Russia is currently gearing up for parliamentary elections on September 18 that pro-Kremlin parties look set to dominate, and that message seems to have registered.

The last time the country voted in legislative polls five years ago, tens of thousands of ordinary citizens took to the streets for mass protests that became the biggest challenge to President Vladimir Putin’s domination of the country since he took charge in 2000.

This time around there appears to be little chance of a repeat.

In late 2011 and early 2012 Gushchin — then a recent graduate who had just started dabbling in political activism — was part of the crowds in Moscow demanding change after evidence of flagrant vote-rigging emerged.

The protests petered out after riot police violently cleared a demonstration on the eve of Putin’s inauguration for a third term as president in May 2012. Gushchin was detained briefly after trying to pull an officer off a protester, but he thought little of it and carried on with life.

Then, out of the blue nine months later, police arrived at his door and arrested him.

“I had forgotten about it,” he said. “Then they just showed up.”

Gushchin was one of over 30 demonstrators — prominent activists, students, pensioners — who would be swept up seemingly at random by the authorities and charged with attacking the police.

Their cases — which came to be known as the Bolotnaya affair after the square the demonstration took place on — reverberated around the country, and rights groups denounced them as show trials.

Eventually Gushchin, who now works for prisoner rights group Rus Sidyashchaya, was found guilty. In the summer of 2015, after more than 900 days behind bars, he was released.

The legal onslaught against the demonstrators was not the only weapon the authorities used.

They simultaneously set about curbing the very right to protest.

“When Vladimir Putin returned to the Kremlin in May 2012, the authorities immediately rammed through a set of restrictive amendments to the law on demonstrations,” said Tanya Lokshina from Human Rights Watch.

“The amendments significantly curtailed the right to free assembly and hugely increased fines for breaching assembly-related regulations.”

Since then the laws have been tightened up still further as the Kremlin watched with horror the dramatic events that unfolded in neighbouring ex-Soviet Ukraine.

In 2014 huge protests deposed Russian-backed leader Viktor Yanukovych. For Putin, critics said, it was a nightmarish vision of what could happen to him at home.

“It certainly made Russian authorities even more resolved to crack down on protest activists,” Lokshina said.

In theory, with Russia mired in economic recession and living standards slipping, there appear many ingredients for demonstrations this time.

But beyond the clampdown, there are key reasons why the protest movement looks unlikely to fire up.

Putin is still enjoying high approval ratings after the annexation of Crimea from Ukraine in 2014 and some of that rubs off on the parties that support him.

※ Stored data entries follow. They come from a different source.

(* Let $\mathcal X=\{x_{n,k}\}$ be a Marcinkiewicz–Zygmund family on $\mathbb T$ with weights $\tau=\{\tau_{n,k}\}$ and constants $A,B>0$ (as in the context). Let $f\in C(\mathbb T)$, $n\in\mathbb N$, let $P_nf=\sum_{|k|\le n}\hat f(k)e^{2\pi ikx}$ be the orthogonal projection of $f$ onto $\mathcal T_n$, and let $p_n=\operatorname{argmin}_{p\in\mathcal T_n}\sum_{k=1}^{L_n}|f(x_{n,k})-p(x_{n,k})|^2\tau_{n,k}$. Then $$\|P_nf-p_n\|_2^2\le A^{-2}B\sum_{k=1}^{L_n}|f(x_{n,k})-P_nf(x_{n,k})|^2\tau_{n,k}.$$
   Context: $\mathbb T=\mathbb R/\mathbb Z$, identified with $(-1/2,1/2]$, with Lebesgue measure; $\|\cdot\|_2$ is the $L^2(\mathbb T)$-norm. $\mathcal T_n$ is the space of trigonometric polynomials $\sum_{k=-n}^n c_ke^{2\pi ikx}$; $\hat f(k)=\int_0^1 f(x)e^{-2\pi ikx}dx$. A doubly-indexed set $\mathcal X=\{x_{n,k}: n\in\mathbb N, k=1,\dots,L_n\}\subseteq\mathbb T$ with weights $\tau_{n,k}>0$ is a Marcinkiewicz–Zygmund family if there are constants $A,B>0$ independent of $n$ with $A\|p\|_2^2\le\sum_{k=1}^{L_n}|p(x_{n,k})|^2\tau_{n,k}\le B\|p\|_2^2$ for all $p\in\mathcal T_n$, $n\in\mathbb N$. *)

From HB Require Import structures.
From mathcomp Require Import all_boot all_order all_algebra.
From mathcomp Require Import all_classical all_reals all_analysis.
From mathcomp Require Import complex.
Set Implicit Arguments. Unset Strict Implicit. Unset Printing Implicit Defensive.
Import Order.TTheory GRing.Theory Num.Theory.
Import numFieldNormedType.Exports.
Local Open Scope classical_set_scope.
Local Open Scope ring_scope.

Section Defs.
Variable R : realType.

Definition cabs2 (z : R[i]) : R := complex.Re z ^+ 2 + complex.Im z ^+ 2.

Definition ek (k : int) (x : R) : R[i] :=
  Complex (cos (2 * pi * k%:~R * x)) (sin (2 * pi * k%:~R * x)).

Definition cint (g : R -> R[i]) : R[i] :=
  Complex (Rintegral lebesgue_measure `[0%R, 1%R] (fun x => complex.Re (g x)))
          (Rintegral lebesgue_measure `[0%R, 1%R] (fun x => complex.Im (g x))).

(* squared L^2(T) norm, T = R/Z with Lebesgue measure (period [0,1]) *)
Definition l2sq (g : R -> R[i]) : R :=
  Rintegral lebesgue_measure `[0%R, 1%R] (fun x => cabs2 (g x)).

Definition contT (f : R -> R[i]) : Prop :=
  continuous (fun x : R^o => complex.Re (f x) : R^o) /\
  continuous (fun x : R^o => complex.Im (f x) : R^o) /\
  (forall x, f (x + 1) = f x).

Definition fhat (f : R -> R[i]) (k : int) : R[i] :=
  cint (fun x => f x * ek (- k) x).

Definition trigpoly (n : nat) (p : R -> R[i]) : Prop :=
  exists c : int -> R[i], forall x,
    p x = \sum_(i < (2 * n).+1) c (i%:Z - n%:Z) * ek (i%:Z - n%:Z) x.

Definition Pn (n : nat) (f : R -> R[i]) (x : R) : R[i] :=
  \sum_(i < (2 * n).+1) fhat f (i%:Z - n%:Z) * ek (i%:Z - n%:Z) x.

Definition dsum (X : nat -> nat -> R) (tau : nat -> nat -> R) (L : nat -> nat)
  (n : nat) (g : R -> R[i]) : R :=
  \sum_(1 <= k < (L n).+1) cabs2 (g (X n k)) * tau n k.

Definition MZ_family (X : nat -> nat -> R) (tau : nat -> nat -> R)
  (L : nat -> nat) (A B : R) : Prop :=
  0 < A /\ 0 < B /\
  (forall n k, (1 <= k <= L n)%N -> 0 < tau n k) /\
  (forall n p, trigpoly n p ->
     A * l2sq p <= dsum X tau L n p /\ dsum X tau L n p <= B * l2sq p).

End Defs.

From Pilot Require Import Defs.
From HB Require Import structures.
From mathcomp Require Import all_boot all_order all_algebra.
From mathcomp Require Import all_classical all_reals all_analysis.
From mathcomp Require Import complex ring lra.
Set Implicit Arguments. Unset Strict Implicit. Unset Printing Implicit Defensive.
Import Order.TTheory GRing.Theory Num.Theory.
Local Open Scope ring_scope.

(* The least squares polynomial p_n is the orthogonal projection of f onto T_n
   for the discrete inner product given by the nodes and weights, so f - p_n is
   discretely orthogonal to P_n f - p_n. By Pythagoras the discrete norm of
   f - P_n f is at least that of P_n f - p_n, and the lower Marcinkiewicz-Zygmund
   inequality turns this into an L^2 bound with constant A^-1 <= A^-2 B. *)

Definition cdot (R : realType) (u v : R[i]) : R :=
  complex.Re u * complex.Re v + complex.Im u * complex.Im v.

Lemma cabs2_ge0 (R : realType) (u : R[i]) : 0 <= cabs2 u.
Proof. by rewrite /cabs2 addr_ge0 ?sqr_ge0. Qed.

Lemma cabs2_subZ (R : realType) (u v : R[i]) (t : R) :
  cabs2 (u - t%:C%C * v) = cabs2 u - 2 * t * cdot u v + t ^+ 2 * cabs2 v.
Proof. by case: u => a b; case: v => c d; rewrite /cabs2 /cdot /=; ring. Qed.

Lemma quadratic_ge0_lin_coef_eq0 (R : realFieldType) (b c : R) :
  0 <= c -> (forall t, 0 <= t ^+ 2 * c - 2 * t * b) -> b = 0.
Proof.
move=> c_ge0 hq; pose t := b / (c + 1).
have bE : b = t * (c + 1) by rewrite /t divfK // gt_eqF // ltr_wpDl.
have := hq t; rewrite [X in _ - 2 * t * X]bE => ht.
have t0 : t = 0 by apply/eqP; rewrite -sqrf_eq0; nra.
by rewrite bE t0 mul0r.
Qed.

Lemma trigpolyD (R : realType) n (p q : R -> R[i]) :
  trigpoly n p -> trigpoly n q -> trigpoly n (fun x => p x + q x).
Proof.
move=> [c hc] [d hd]; exists (fun k => c k + d k) => x.
by rewrite hc hd -big_split; apply: eq_bigr => i _; rewrite mulrDl.
Qed.

Lemma trigpolyZ (R : realType) n (a : R[i]) (p : R -> R[i]) :
  trigpoly n p -> trigpoly n (fun x => a * p x).
Proof.
move=> [c hc]; exists (fun k => a * c k) => x.
by rewrite hc mulr_sumr; apply: eq_bigr => i _; rewrite mulrA.
Qed.

Lemma trigpolyB (R : realType) n (p q : R -> R[i]) :
  trigpoly n p -> trigpoly n q -> trigpoly n (fun x => p x - q x).
Proof.
move=> hp /(trigpolyZ (-1)) hq.
by have := trigpolyD hp hq; congr trigpoly; apply/funext => x; rewrite mulN1r.
Qed.

Lemma trigpoly_Pn (R : realType) n (f : R -> R[i]) : trigpoly n (Pn n f).
Proof. by exists (fhat f). Qed.

Section DiscreteLeastSquares.
Variables (R : realType) (X tau : nat -> nat -> R) (L : nat -> nat) (n : nat).
Hypothesis tau_gt0 : forall k, (1 <= k <= L n)%N -> 0 < tau n k.

Local Notation dsum := (dsum X tau L n).

Definition dinner (g h : R -> R[i]) : R :=
  \sum_(1 <= k < (L n).+1) cdot (g (X n k)) (h (X n k)) * tau n k.

Lemma dsum_ge0 (g : R -> R[i]) : 0 <= dsum g.
Proof.
rewrite /Defs.dsum big_nat_cond; apply: sumr_ge0 => k /andP[/andP[k1 k2] _].
by rewrite mulr_ge0 ?cabs2_ge0 // ltW // tau_gt0 // k1 -ltnS.
Qed.

Lemma dsum_subZ (g h : R -> R[i]) (t : R) :
  dsum (fun x => g x - t%:C%C * h x) = dsum g - 2 * t * dinner g h + t ^+ 2 * dsum h.
Proof.
rewrite /Defs.dsum /dinner !mulr_sumr -sumrB -big_split /=.
by apply: eq_bigr => k _; rewrite cabs2_subZ; ring.
Qed.

Lemma dsum_pythagoras (g h : R -> R[i]) :
  dinner g h = 0 -> dsum (fun x => g x - h x) = dsum g + dsum h.
Proof.
move=> gh0; have := dsum_subZ g h 1; rewrite gh0 expr1n mulr0 subr0 mul1r.
by move=> <-; congr Defs.dsum; apply/funext => x; rewrite mul1r.
Qed.

(* Perturbing the minimiser [pn] along [q] by real multiples gives a quadratic
   in the step with a minimum at 0, so its linear coefficient vanishes. *)
Lemma least_squares_orthogonal (f pn q : R -> R[i]) :
  trigpoly n pn -> trigpoly n q ->
  (forall p, trigpoly n p ->
     dsum (fun x => f x - pn x) <= dsum (fun x => f x - p x)) ->
  dinner (fun x => f x - pn x) q = 0.
Proof.
move=> hpn hq hmin; apply: quadratic_ge0_lin_coef_eq0 (dsum_ge0 q) _ => t.
have := hmin _ (trigpolyD hpn (trigpolyZ t%:C%C hq)).
rewrite -(subr_ge0 (dsum _)).
have -> : (fun x => f x - (pn x + t%:C%C * q x))
        = (fun x => (f x - pn x) - t%:C%C * q x).
  by apply/funext => x; ring.
by rewrite dsum_subZ; lra.
Qed.

End DiscreteLeastSquares.

Lemma MZ_l2_bound (R : realFieldType) (A B N H D : R) :
  0 < A -> 0 < B -> A * N <= H -> H <= B * N -> H <= D ->
  N <= A ^- 2 * B * D.
Proof.
move=> A_gt0 B_gt0 lowerAN upperBN HleD.
rewrite -mulrA ler_pdivlMl ?exprn_gt0 //.
have [N_le0 | N_gt0] := lerP N 0; first by nra.
have AleB : A <= B by nra.
nra.
Qed.

Theorem proposition2p5 (R : realType) (X : nat -> nat -> R)
  (tau : nat -> nat -> R) (L : nat -> nat) (A B : R)
  (hMZ : MZ_family X tau L A B)
  (f : R -> R[i]) (hf : contT f) (n : nat) (pn : R -> R[i])
  (hpn : trigpoly n pn)
  (hmin : forall p, trigpoly n p ->
     dsum X tau L n (fun x => f x - pn x) <= dsum X tau L n (fun x => f x - p x)) :
  l2sq (fun x => Pn n f x - pn x)
    <= A ^- 2 * B * dsum X tau L n (fun x => f x - Pn n f x).
Proof.
have [A_gt0 [B_gt0 [tau_gt0 hMZn]]] := hMZ.
have tau_n_gt0 := tau_gt0 n.
set h := fun x => Pn n f x - pn x.
have htrig : trigpoly n h by apply: trigpolyB (trigpoly_Pn n f) hpn.
have hdecomp : dsum X tau L n (fun x => f x - Pn n f x)
             = dsum X tau L n (fun x => f x - pn x) + dsum X tau L n h.
  rewrite -dsum_pythagoras ?(least_squares_orthogonal tau_n_gt0 hpn htrig hmin) //.
  by congr dsum; apply/funext => x; rewrite /h; ring.
have [lowerMZ upperMZ] := hMZn n h htrig.
apply: MZ_l2_bound lowerMZ upperMZ _ => //.
by rewrite hdecomp lerDr (dsum_ge0 X tau_n_gt0).
Qed.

Learning its lesson from last time, the Kremlin, while not relinquishing its tight grip on the controls, appears desperate to give the polls a sheen of legitimacy.

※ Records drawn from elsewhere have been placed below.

Lemma coef_vpoly_ge n (c : 'rV[R]_n) i : (n <= i)%N -> (vpoly c)`_i = 0.
Proof.
move=> le_ni; rewrite /vpoly coef_sum big1 // => j _.
by rewrite coefZ coefXn gtn_eqF ?mulr0 // (leq_trans (ltn_ord j)).
Qed.

Lemma size_vpoly n (c : 'rV[R]_n) : (size (vpoly c) <= n)%N.
Proof. by apply/leq_sizeP => i; apply: coef_vpoly_ge. Qed.

Lemma vpolyK n : cancel (@vpoly R n) (vrow n).
Proof. by move=> c; apply/rowP => j; rewrite mxE coef_vpoly. Qed.

Lemma vrowK n g : (size g <= n)%N -> vpoly (vrow n g) = g.
Proof.
move=> le_gn; apply/polyP => i; case: (ltnP i n) => [lt_in|le_ni].
  by rewrite (coef_vpoly _ (Ordinal lt_in)) mxE.
by rewrite coef_vpoly_ge //; move/leq_sizeP: le_gn => ->.
Qed.

Section Reduction.
Variables (n : nat) (f : {poly R}).
Hypotheses (monf : f \is monic) (szf : size f = n.+1).

Definition rmodv g : 'rV[R]_n := vrow n (rmodp g f).

Lemma vpoly_rmodv g : vpoly (rmodv g) = rmodp g f.
Proof. by rewrite vrowK // -ltnS -szf ltn_rmodp monic_neq0. Qed.

Lemma rmodv_vpoly (c : 'rV[R]_n) : rmodv (vpoly c) = c.
Proof. by rewrite /rmodv rmodp_small ?vpolyK // szf ltnS size_vpoly. Qed.

Lemma rmodvD g h : rmodv (g + h) = rmodv g + rmodv h.
Proof. by apply/rowP => j; rewrite !mxE rmodpD // coefD. Qed.

Lemma eq_rmodv g h : rmodv g = rmodv h <-> exists k, g - h = k * f.
Proof.
split=> [eq_gh | [k eq_gh]].
  apply/(rdvdpP monf)/rmodp_eq0P.
  by rewrite rmodpB // -!vpoly_rmodv eq_gh subrr.
apply: (can_inj (@vpolyK n)); rewrite !vpoly_rmodv; apply/eqP.
by rewrite -subr_eq0 -rmodpB // eq_gh rmodp_mull.
Qed.

Lemma rmodv0 : rmodv 0 = 0.
Proof. by rewrite -(linear0 (@vpoly R n)) rmodv_vpoly. Qed.

Lemma rmodvZ b g : rmodv (b *: g) = b *: rmodv g.
Proof. by apply/rowP => j; rewrite !mxE rmodpZ // coefZ. Qed.

Lemma rmodv_sum_mem (D : {set 'rV[R]_n}) (I : Type) (r : seq I) (P : pred I)
    (F : I -> {poly R}) :
  0 \in D -> {in D &, forall c d, c + d \in D} ->
  (forall i, P i -> rmodv (F i) \in D) -> rmodv (\sum_(i <- r | P i) F i) \in D.
Proof.
move=> D0 DD FD; apply: (big_ind (fun g => rmodv g \in D)) => //; first by rewrite rmodv0.
by move=> g h gD hD; rewrite rmodvD //; apply: DD.
Qed.

End Reduction.
End Words.

Arguments rmodv {R} n f g.

Section Ideals.
Variables (R : finComNzRingType) (T : {rmorphism R -> R}).
Local Notation sm := (skew_mul T).

Lemma rmodv_rmodv n m (f fN g k : {poly R}) : fN \is monic -> size fN = n.+1 ->
  f \is monic -> size f = m.+1 -> fN = k * f ->
  rmodv m f (vpoly (rmodv n fN g)) = rmodv m f g.
Proof.
move=> monN szN monf szf defN; apply/eq_rmodv => //.
exists (- (rdivp g fN * k)); rewrite vpoly_rmodv // {2}(rdivp_eq monN g) defN.
by ring.
Qed.

Section FixedModulus.
Variables (m : nat) (f : {poly R}).
Hypotheses (Tf : map_poly T f = f) (monf : f \is monic) (szf : size f = m.+1).

Lemma skew_modP g (r : 'rV[R]_m) :
  (exists k, g - vpoly r = sm k f) <-> rmodv m f g = r.
Proof.
rewrite -{2}(rmodv_vpoly szf r) eq_rmodv //.
by split=> -[k eqk]; exists k; rewrite eqk ?skew_mul_fixedr.
Qed.

Lemma congP n (c : 'rV[R]_n) (r : 'rV[R]_m) : cong T f c r <-> rmodv m f (vpoly c) = r.
Proof. exact: skew_modP. Qed.

Lemma lidealP (D : {set 'rV[R]_m}) :
  is_lideal T f D <->
  [/\ 0 \in D, {in D &, forall c d, c + d \in D} &
      forall a c, c \in D -> rmodv m f (sm a (vpoly c)) \in D].
Proof.
split=> [[_ _ D0 DD Dsm] | [D0 DD Dsm]]; split=> //.
- by move=> a c cD; apply: (Dsm a c) => //; apply/skew_modP.
- exact/monicP.
- by move=> a c r cD /skew_modP <-; apply: Dsm.
Qed.

End FixedModulus.

End Ideals.

Definition component (R : finComNzRingType) n m (f : {poly R}) (D : {set 'rV[R]_n}) :
  {set 'rV[R]_m} := [set rmodv m f (vpoly c) | c in D].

A new elections chief has been appointed to stamp out the most blatant corruption and more parties have been allowed to compete.

Meanwhile, Alexei Navalny — who spearheaded the protests five years ago — has been targeted by criminal cases and excluded from politics.

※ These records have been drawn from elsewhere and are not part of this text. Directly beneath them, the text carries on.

Lemma det_continuous_at m (g : T -> 'M[R]_m) :
  mx_continuous_at g -> continuous_at p0 (fun x => \det (g x)).
Proof.
move=> cg; apply: cvg_big => // [|s _]; first exact: add_continuous.
apply: cvgM; first exact: cvg_cst.
by apply: cvg_big => // [|i _]; [exact: mul_continuous | exact: cg].
Qed.

Lemma mx_continuous_adj m (g : T -> 'M[R]_m) :
  mx_continuous_at g -> mx_continuous_at (fun x => \adj (g x)).
Proof.
case: m g => [|m] g cg i j; first by case: i.
rewrite /continuous_at; under eq_fun do rewrite mxE /cofactor.
rewrite mxE /cofactor; apply: cvgM; first exact: cvg_cst.
apply: det_continuous_at => r s; rewrite /continuous_at.
by under eq_fun do rewrite !mxE; rewrite !mxE; apply: cg.
Qed.

(* Cramer's rule [invmx M = (\det M)^-1 *: \adj M] holds near an invertible
   [g p0], since the determinant stays nonzero there. *)
Lemma mx_continuous_invmx m (g : T -> 'M[R]_m) :
  g p0 \in unitmx -> mx_continuous_at g -> mx_continuous_at (fun x => invmx (g x)).
Proof.
move=> u0 cg.
have cdet := det_continuous_at cg.
have det0 : \det (g p0) != 0 by rewrite -unitfE -unitmxE.
have near_cramer : \forall x \near p0, invmx (g x) = (\det (g x))^-1 *: \adj (g x).
  near=> x; rewrite /invmx unitmxE unitfE ifT //.
  by near: x; exact: cvgr_neq0 cdet det0.
move=> i j; apply: (cvg_trans (near_eq_cvg _)).
  by near=> x; rewrite (near near_cramer x).
rewrite /invmx u0.
by apply: mx_continuous_scale; [apply: cvgV | exact: mx_continuous_adj].
Unshelve. all: by end_near.
Qed.

Lemma bform_continuous_at l (g : T -> 'M[R]_l) :
  mx_continuous_at g -> forall x y, continuous_at p0 (fun p => bform (g p) x y).
Proof.
move=> cg x y; rewrite /bform.
have c : mx_continuous_at (fun p => x^T *m g p *m y).
  apply: mx_continuous_mul; last exact: mx_continuous_cst.
  by apply: mx_continuous_mul => //; apply: mx_continuous_cst.
exact: c 0 0.
Qed.

End EntrywiseContinuity.

Section FfunContinuity.
Variables (R : realType) (k n : nat) (Is : 'I_n -> {set 'I_k}) (a : 'cV[R]_k).
Local Notation T := ('rV[R]_n * 'M[R]_k)%type.
Local Notation F := (fun p : T => Ffun Is a p.1 p.2).

Definition Ffun_dom : set T := [set p : T | (forall i, 0 <= p.1 0 i) /\ Spd p.2].

Lemma mx_continuous_fst (p0 : T) : mx_continuous_at p0 (fun p : T => p.1).
Proof.
move=> i j; rewrite /continuous_at.
apply: (@cvg_comp _ _ _ fst (fun M : 'rV[R]_n => M i j) _ (nbhs p0.1)).
  exact: cvg_fst.
exact: coord_continuous.
Qed.

Lemma mx_continuous_snd (p0 : T) : mx_continuous_at p0 (fun p : T => p.2).
Proof.
move=> i j; rewrite /continuous_at.
apply: (@cvg_comp _ _ _ snd (fun M : 'M[R]_k => M i j) _ (nbhs p0.2)).
  exact: cvg_snd.
exact: coord_continuous.
Qed.

Lemma mx_continuous_principal_mx (p0 : T) I :
  mx_continuous_at p0 (fun p : T => principal_mx I p.2).
Proof.
apply: mx_continuous_mul; last exact: mx_continuous_cst.
by apply: mx_continuous_mul; [exact: mx_continuous_cst | exact: mx_continuous_snd].
Qed.

Lemma mx_continuous_Msum (p0 : T) : Spd p0.2 ->
  mx_continuous_at p0 (fun p : T => Msum Is p.1 p.2).
Proof.
move=> hA; apply: mx_continuous_sum => i.
apply: mx_continuous_scale; first exact: mx_continuous_fst.
apply: mx_continuous_mul; last exact: mx_continuous_cst.
apply: mx_continuous_mul; first exact: mx_continuous_cst.
apply: mx_continuous_invmx; first exact: principal_mx_unitmx.
exact: mx_continuous_principal_mx.
Qed.

Lemma near_fst_pos (p0 : T) :
  \forall p \near p0, forall i, 0 < p0.1 0 i -> 0 < (p : T).1 0 i.
Proof.
pose pos_at i (p : T) := 0 < p0.1 0 i -> 0 < p.1 0 i.
apply: (@filter_forall T 'I_n pos_at _ (nbhs_filter p0)) => i; rewrite /pos_at.
have [pos|_] := ltP 0 (p0.1 0 i); last exact: nearW.
have cf := @mx_continuous_fst p0 0 i.
by apply: filterS (@cvgr_gt _ _ _ _ _ _ cf 0 pos) => p ? _.
Qed.

(* At a point where [a = M y0], [F] is squeezed between the continuous lower
   bound [x := y0] of [Ffun_ge_cross] and the continuous upper bound of
   [Ffun_le_sum] built from [range_weights]; both are tight at the point. *)
Lemma Ffun_cvg_in_range (p0 : T) y0 : Ffun_dom p0 -> Msum Is p0.1 p0.2 *m y0 = a ->
  F p @[p --> within Ffun_dom (nbhs p0)] --> F p0.
Proof.
move=> [nu0_ge0 A0spd] May0.
set w := range_weights Is p0.1 p0.2 y0.
have w_supp i : 0 < p0.1 0 i \/ w i = 0 by apply: range_weights_supp.
pose L (p : T) := 2 * vdot a y0 - bform (Msum Is p.1 p.2) y0 y0.
pose U (p : T) := \sum_i bform (principal_mx (Is i) p.2) (w i) (w i) / p.1 0 i.
have L0 : L p0 = bform (Msum Is p0.1 p0.2) y0 y0.
  by rewrite /L -{1}May0 vdot_mulmx_sym ?Msum_sym //; lra.
have U0 : U p0 = bform (Msum Is p0.1 p0.2) y0 y0 by apply: sum_range_weights.
have cL : continuous_at p0 L.
  apply: cvgD; first exact: cvg_cst.
  by apply: cvgN; exact: bform_continuous_at (mx_continuous_Msum A0spd) _ _.
have cU : continuous_at p0 U.
  apply: cvg_big => // [|i _]; first exact: add_continuous.
  case: (w_supp i) => [pos|w0].
    have cH := @mx_continuous_principal_mx p0 (Is i).
    apply: cvgM; first exact: bform_continuous_at cH _ _.
    by apply: cvgV; [rewrite gt_eqF | exact: mx_continuous_fst].
  rewrite /continuous_at.
  under eq_fun do rewrite w0 bform0r mul0r.
  by rewrite w0 bform0r mul0r; apply: cvg_cst.
have bounds : \forall p \near within Ffun_dom (nbhs p0), ((L p)%:E <= F p <= (U p)%:E)%E.
  near=> p.
  have [nu_ge0 Aspd] : Ffun_dom p by near: p; apply: withinT.
  have nu_pos : forall i, 0 < p0.1 0 i -> 0 < p.1 0 i.
    by near: p; apply: cvg_within; apply: near_fst_pos.
  rewrite Ffun_ge_cross //=; apply: Ffun_le_sum => //.
  - by move=> i; case: (w_supp i) => [/nu_pos|]; [left | right].
  - by rewrite -May0 Msum_mulmx_weights.
rewrite (Ffun_range A0spd May0); apply: (squeeze_cvge bounds).
- by apply: cvg_EFin; [exact: nearW | rewrite -L0; apply: cvg_within_filter].
- by apply: cvg_EFin; [exact: nearW | rewrite -U0; apply: cvg_within_filter].
Unshelve. all: by end_near.
Qed.

(* Off the range, a kernel direction [z] of [M] with [<a, z> != 0] yields
   lower bounds [x := t z] of [Ffun_ge_cross] that are continuous and
   arbitrarily large at the point. *)
Lemma Ffun_cvg_notin_range (p0 : T) : Ffun_dom p0 -> ~ in_range (Msum Is p0.1 p0.2) a ->
  F p @[p --> within Ffun_dom (nbhs p0)] --> F p0.
Proof.
move=> [nu0_ge0 A0spd] aM.
have [z [Mz az]] := notin_range_ker (Msum_sym Is p0.1 A0spd) aM.
rewrite Ffun_notin_range //; apply/cvgeyPgt => B.
pose t := (B + 1) / (2 * vdot a z).
pose L (p : T) := 2 * vdot a (t *: z) - bform (Msum Is p.1 p.2) (t *: z) (t *: z).
have cL : continuous_at p0 L.
  apply: cvgD; first exact: cvg_cst.
  by apply: cvgN; exact: bform_continuous_at (mx_continuous_Msum A0spd) _ _.
have L0 : L p0 = B + 1.
  rewrite /L vdotZr !bformZl !bformZr.
  have -> : bform (Msum Is p0.1 p0.2) z z = 0 by rewrite /bform -mulmxA Mz mulmx0 mxE.
  by rewrite !mulr0 subr0 /t; field.
have BL : \forall p \near within Ffun_dom (nbhs p0), B < L p.
  by apply: cvg_within; apply: (cvgr_gt _ cL); rewrite L0 ltrDl.
near=> p.
have [nu_ge0 Aspd] : Ffun_dom p by near: p; apply: withinT.
apply: lt_le_trans (Ffun_ge_cross Is a (t *: z) Aspd nu_ge0).
by rewrite lte_fin; near: p.
Unshelve. all: by end_near.
Qed.

Lemma Ffun_continuous_within : {within Ffun_dom, continuous F}.
Proof.
apply/subspace_continuousP => p0 Dp0.
have [[y0 May0]|aM] := pselect (in_range (Msum Is p0.1 p0.2) a).
  exact: Ffun_cvg_in_range May0.
exact: Ffun_cvg_notin_range.
Qed.

End FfunContinuity.

Unset Implicit Arguments. Set Strict Implicit.

Theorem lemmaE6 (R : realType) (k m n : nat)
  (Is : 'I_n -> {set 'I_k}) (c : 'I_n -> 'cV[R]_m) (B0 : 'cV[R]_m)
  (a : 'cV[R]_k) :
  injective Is ->
  (forall i, Is i != finset.set0) ->
  (forall i j, 0 <= c i j 0) ->
  (forall j, 0 < B0 j 0) ->
  a != 0 ->
  {within [set p : 'rV[R]_n * 'M[R]_k | Kset c B0 p.1 /\ @Spd R k p.2],
     continuous (fun p : 'rV[R]_n * 'M[R]_k => Ffun Is a p.1 p.2)}.
Proof.
move=> _ _ _ _ _.
apply: (@continuous_subspaceW _ _ _ (@Ffun_dom R k n)).
  by move=> p [[nu_ge0 _] Aspd].
exact: Ffun_continuous_within.
Qed.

That leaves the remainder of the factious opposition rudderless and unable to counter the attacks from slavishly pro-Kremlin state-controlled media.

They are also struggling to shake off the chilling effects of the shooting of charismatic Putin critic Boris Nemtsov just yards from the Kremlin in February 2015.

Despite the years of his life he lost in jail, Gushchin insists that he would still be ready to go on to the streets if needed.

For now, however, there seems little chance of that.

“I am willing to take part in something that is worth it,” he said.

“But these days ... I don’t see anything out there that is interesting in terms of politics.”